I really enjoy my job at The Institute: every Monday morning I put on my happy face and try to encourage our students to push the frontiers of science. Nevertheless all things must pass and about a year ago I dropped in on HR to find out exactly when I'd be put out to grass and make room for someone younger, fitter and preferably with more X chromosomes to be a more realistic role model in/for science. I didn't get a straight answer, but the nice and efficient lady from Pensions asked if I wanted to consolidate my pension into a single pot. I looked dense, so she explained that, as I'd worked in other institutions in Ireland, I'd be getting dribs and drabs of fragments of pension from several sources and that might be bitty and inconvenient. If I gave her authorisation, she'd talk to her oppos in UCD and TCD to find out what I was owed.
UCD got back to her with commendable promptness to say that I had a couple of years of pensionable service in their bank and a couple more where I could buy back a pension entitlement. I didn't understand this and asked if I had any choice. Mme Pension said I had no choice, so we agreed to amortize my salary by several €'00 over the next 5 months to pay off the debt to UCD and so acquire pension rights. I did a rough calculation to work out that I'd have to live for 5 years after the pension to make the transaction a netto win for me. That seemed likely given a great grand-mother of 103, grandmother of 108 and a mother still functional and independent at 96.

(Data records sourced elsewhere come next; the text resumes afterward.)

(* Let $t\ge1$ be an integer. The affine transformation $(x,y)\mapsto(x+H_t,\ y+x+H_t/2)$ maps the lattice $\Lambda_t=(\tfrac t2+\mathbb Z)\times\mathbb Z$ onto itself, maps the grid parabola $P_t$ onto itself, and maps the reference parabola $\Pi_t\colon y=x^2/(2H_t)$, as well as every vertical translate of $\Pi_t$, onto itself.
   Context: Fix an integer $t\ge1$. Let $S_t$ be the set of rational numbers $s$ which, written in lowest terms as $s=a/b$ with $a\in\mathbb Z$ and $b$ a positive integer, satisfy $b\le t$. For $s=a/b\in S_t$ let $v_s=\lfloor t/b\rfloor\,(b,a)$, and $V_t=\{v_s:s\in S_t\}$. The grid parabola $P_t$ is the infinite convex polygonal chain obtained by concatenating the vectors of $V_t$ in order of increasing slope, positioned so that the edge given by $(t,0)$ goes from $(-t/2,0)$ to $(t/2,0)$. $H_t=\sum_{1\le y\le x\le t,\ \gcd(x,y)=1}\lfloor t/x\rfloor\,x$. *)

From mathcomp Require Import all_boot all_order all_algebra.
Unset Printing Implicit Defensive.
Import Order.TTheory GRing.Theory Num.Theory.
Local Open Scope ring_scope.

Definition inS (t : nat) (s : rat) : bool := denq s <= t%:Z.

Definition vcoef (t : nat) (s : rat) : nat := (t %/ `|denq s|)%N.
Definition vx (t : nat) (s : rat) : rat := (vcoef t s)%:R * (denq s)%:~R.
Definition vy (t : nat) (s : rat) : rat := (vcoef t s)%:R * (numq s)%:~R.

(* duplicate-free list of all a/b with 1 <= b <= t and -K <= a <= K;
   it contains every element of S_t whose numerator has absolute value <= K *)
Definition Sbox (t K : nat) : seq rat :=
  undup [seq ((k%:Z - K%:Z)%:~R / b%:R : rat) | b <- iota 1 t, k <- iota 0 (2 * K).+1].

(* bound on |numerator| of elements of S_t lying between 0 and s *)
Definition bnd (t : nat) (s : rat) : nat := (t * `|numq s|)%N.

(* starting point of the edge v_s of the grid parabola P_t:
   the edge v_0 = (t,0) goes from (-t/2,0) to (t/2,0); edges of positive slope
   follow in increasing slope after (t/2,0), edges of negative slope precede
   (-t/2,0) in increasing slope. *)
Definition startx (t : nat) (s : rat) : rat :=
  if 0 < s then t%:R / 2 + \sum_(u <- Sbox t (bnd t s) | (0 < u) && (u < s)) vx t u
  else - (t%:R / 2) - \sum_(u <- Sbox t (bnd t s) | (s <= u) && (u < 0)) vx t u.
Definition starty (t : nat) (s : rat) : rat :=
  if 0 < s then \sum_(u <- Sbox t (bnd t s) | (0 < u) && (u < s)) vy t u
  else - \sum_(u <- Sbox t (bnd t s) | (s <= u) && (u < 0)) vy t u.

Definition gridP (R : realFieldType) (t : nat) (p : R * R) : Prop :=
  exists s : rat, inS t s /\
    exists2 l : R, (0 <= l <= 1) &
      p = (ratr (startx t s) + l * ratr (vx t s), ratr (starty t s) + l * ratr (vy t s)).

Definition Ht (t : nat) : nat :=
  (\sum_(1 <= x < t.+1) \sum_(1 <= y < x.+1 | coprime x y) (t %/ x) * x)%N.

Definition lattice (R : realFieldType) (t : nat) (p : R * R) : Prop :=
  exists m n : int, p = (t%:R / 2 + m%:~R, n%:~R).

Definition refpar (R : realFieldType) (t : nat) (c : R) (p : R * R) : Prop :=
  p.2 = p.1 ^+ 2 / (2 * (Ht t)%:R) + c.

Definition Tmap (R : realFieldType) (t : nat) (p : R * R) : R * R :=
  (p.1 + (Ht t)%:R, p.2 + p.1 + (Ht t)%:R / 2).

Definition maps_onto {T : Type} (f : T -> T) (A : T -> Prop) : Prop :=
  (forall p, A p -> A (f p)) /\ (forall q, A q -> exists2 p, A p & f p = q).

(* The edges of P_t are indexed by the slopes s in S_t, and S_t is invariant under
   s |-> s + 1 with v_(s+1) = v_s + (0, x-coordinate of v_s).  The start of edge s + 1 is the
   start of edge s plus the sum of the v_u over the slopes u of S_t in [s, s + 1).  Its
   x-coordinate is a period of a 1-periodic sum, hence equal to the sum over [0, 1), which is
   H_t via (x, y) |-> (x - y)/x; its y-coordinate drifts by the accumulated x-coordinates,
   which yields x_s + H_t/2.  So T maps edge s onto edge s + 1.  The symmetry u |-> 1 - u of
   S_t on (0, 1) makes the y-coordinate of the sum over [0, 1) equal to (H_t - t)/2; being an
   integer, H_t and t have the same parity, which is what T needs to preserve the lattice.
   The parabolas are a direct computation. *)

From mathcomp Require Import all_boot all_order all_algebra.
From mathcomp Require Import ring lra zify.
Import Order.TTheory GRing.Theory Num.Theory.
Local Open Scope ring_scope.

Lemma numq_denq_addz (u : rat) (k : int) :
  numq (u + k%:~R) = numq u + k * denq u /\ denq (u + k%:~R) = denq u.
Proof.
have d0 : (denq u)%:~R != 0 :> rat by rewrite intr_eq0 denq_neq0.
have -> : u + k%:~R = (numq u + k * denq u)%:~R / (denq u)%:~R.
  by rewrite intrD intrM numqE; field.
have cop : coprime `|numq u + k * denq u| `|denq u|.
  have := coprime_num_den u; rewrite -!coprimezE /coprimez => h.
  by rewrite addrC gcdzC gcdzMDl gcdzC.
rewrite coprimeq_num // coprimeq_den // denq_eq0 /= gtr0_sg ?denq_gt0 // mul1r.
by rewrite gtr0_norm ?denq_gt0.
Qed.

Lemma inS_add1 t u : inS t (u + 1) = inS t u.
Proof. by rewrite /inS (numq_denq_addz u 1).2. Qed.

Lemma vx_add1 t u : vx t (u + 1) = vx t u.
Proof. by rewrite /vx /vcoef (numq_denq_addz u 1).2. Qed.

Lemma vy_add1 t u : vy t (u + 1) = vy t u + vx t u.
Proof.
rewrite /vy /vx /vcoef (numq_denq_addz u 1).2 (numq_denq_addz u 1).1.
rewrite intrD intrM; ring.
Qed.

Lemma inS_opp t u : inS t (- u) = inS t u.
Proof. by rewrite /inS denqN. Qed.

Lemma vx_opp t u : vx t (- u) = vx t u.
Proof. by rewrite /vx /vcoef denqN. Qed.

Lemma vy_opp t u : vy t (- u) = - vy t u.
Proof. by rewrite /vy /vcoef denqN numqN intrN mulrN. Qed.

Lemma vx0 t : vx t 0 = t%:R.
Proof. by rewrite /vx /vcoef /= divn1 mulr1. Qed.

Lemma vy0 t : vy t 0 = 0.
Proof. by rewrite /vy mulr0. Qed.

Lemma vy_int t u : vy t u = ((vcoef t u)%:Z * numq u)%:~R.
Proof. by rewrite /vy rmorphM. Qed.

Lemma normz_numq (u : rat) : (`|numq u|)%:~R = `|u| * (denq u)%:~R.
Proof.
rewrite intr_norm numqE normrM.
by rewrite [`|(denq u)%:~R|]ger0_norm // ler0z ltW // denq_gt0.
Qed.

Lemma normq_le_numq (u : rat) : `|u| <= (absz (numq u))%:R.
Proof.
rewrite -[(absz (numq u))%:R]/(((absz (numq u))%:Z)%:~R : rat) abszE normz_numq.
have d1 : 1 <= (denq u)%:~R :> rat.
  by rewrite -[1]/((1:int)%:~R : rat) ler_int; have := denq_gt0 u; lia.
by rewrite ler_peMr.
Qed.

Lemma numq_le_inS t u (M : nat) :
  inS t u -> `|u| <= M%:R -> `|numq u| <= (t * M)%N%:Z.
Proof.
move=> uS uM; rewrite -(ler_int rat) normz_numq.
have dt : (denq u)%:~R <= t%:R :> rat by rewrite -[t%:R]/((t%:Z)%:~R : rat) ler_int.
have d0 : 0 <= (denq u)%:~R :> rat by rewrite ler0z ltW // denq_gt0.
by rewrite -[((t * M)%N%:Z)%:~R]/(((t * M)%N)%:R : rat) natrM mulrC ler_pM.
Qed.

Lemma mem_Sbox t K u : (u \in Sbox t K) = inS t u && (`|numq u| <= K%:Z).
Proof.
apply/idP/idP.
  rewrite /Sbox mem_undup => /allpairsP [[b k] [hb hk ->]].
  rewrite !mem_iota /= in hb hk.
  set n := (k%:Z - K%:Z).
  have b0 : (b%:Z != 0) by rewrite -lt0n; lia.
  have hd := den_fracq (n, b%:Z); rewrite /= b0 in hd.
  have db : denq (n%:~R / b%:R) <= b%:Z.
    have -> : (n%:~R / b%:R : rat) = fracq (n, b%:Z) by rewrite fracqE.
    by rewrite hd lez_nat leq_div.
  apply/andP; split; first by rewrite /inS (le_trans db) // lez_nat; lia.
  have bpos : (0 < b%:R :> rat) by rewrite ltr0n; lia.
  rewrite -(ler_int rat) normz_numq.
  apply: (@le_trans _ _ (`|n%:~R / b%:R : rat| * b%:R)).
    by apply: ler_wpM2l => //; rewrite -[b%:R]/((b%:Z)%:~R : rat) ler_int.
  rewrite normrM normfV (gtr0_norm bpos) divfK ?gt_eqF //.
  by rewrite -intr_norm ler_int /n; lia.
case/andP => uS uK; rewrite /Sbox mem_undup; apply/allpairsP.
exists (absz (denq u), absz (numq u + K%:Z)); have := denq_gt0 u.
rewrite /inS in uS; rewrite !mem_iota /=; split; [lia | lia |].
have -> : (absz (numq u + K%:Z))%:Z - K%:Z = numq u by lia.
have -> : ((absz (denq u))%:R : rat) = (denq u)%:~R.
  by rewrite -[(absz _)%:R]/(((absz (denq u))%:Z)%:~R : rat) gez0_abs // ltW.
by rewrite divq_num_den.
Qed.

TCD [Formally known as The College of the Holy and Undivided Trinity of Queen Elizabeth near Dublin / Coláiste Thríonóid Naofa Neamhroinnte na Banríona Eilís gar do Bhaile Átha Cliath] were far more magisterial in their response - indeed we didn't hear anything for more than 6 months . . . then a lot of excuses and finally . . . an accounting. I owed TCD €29.72 and also had some fully paid up contributions. If I sent them a cheque for €29.72 they would send my pension rights to The Institute for consolidation. The cheque had to be made out to:
"The University of Dublin Trinity College (closed) Pension Scheme 2009"which is the longest payee name I've ever encountered - it didn't fit on the line available. The upshot is that between 2002 and 2012, I accumulated 5.034 years of service including the fragment bought for €29.72 a couple of weeks ago.
5.034 years? That final 4 seems spuriously accurate: a single day of service in 1/365 = 0.0027 while two days service is 0.0055. It looks as if TCD believes I finished my last day at lunchtime and they're damned-well not going to pay pension for the final afternoon on the assumption that I spent it in an alcoholic haze unfit to push a pram let alone push the frontiers of science. That's why they call her Trinity of the Generous Hand.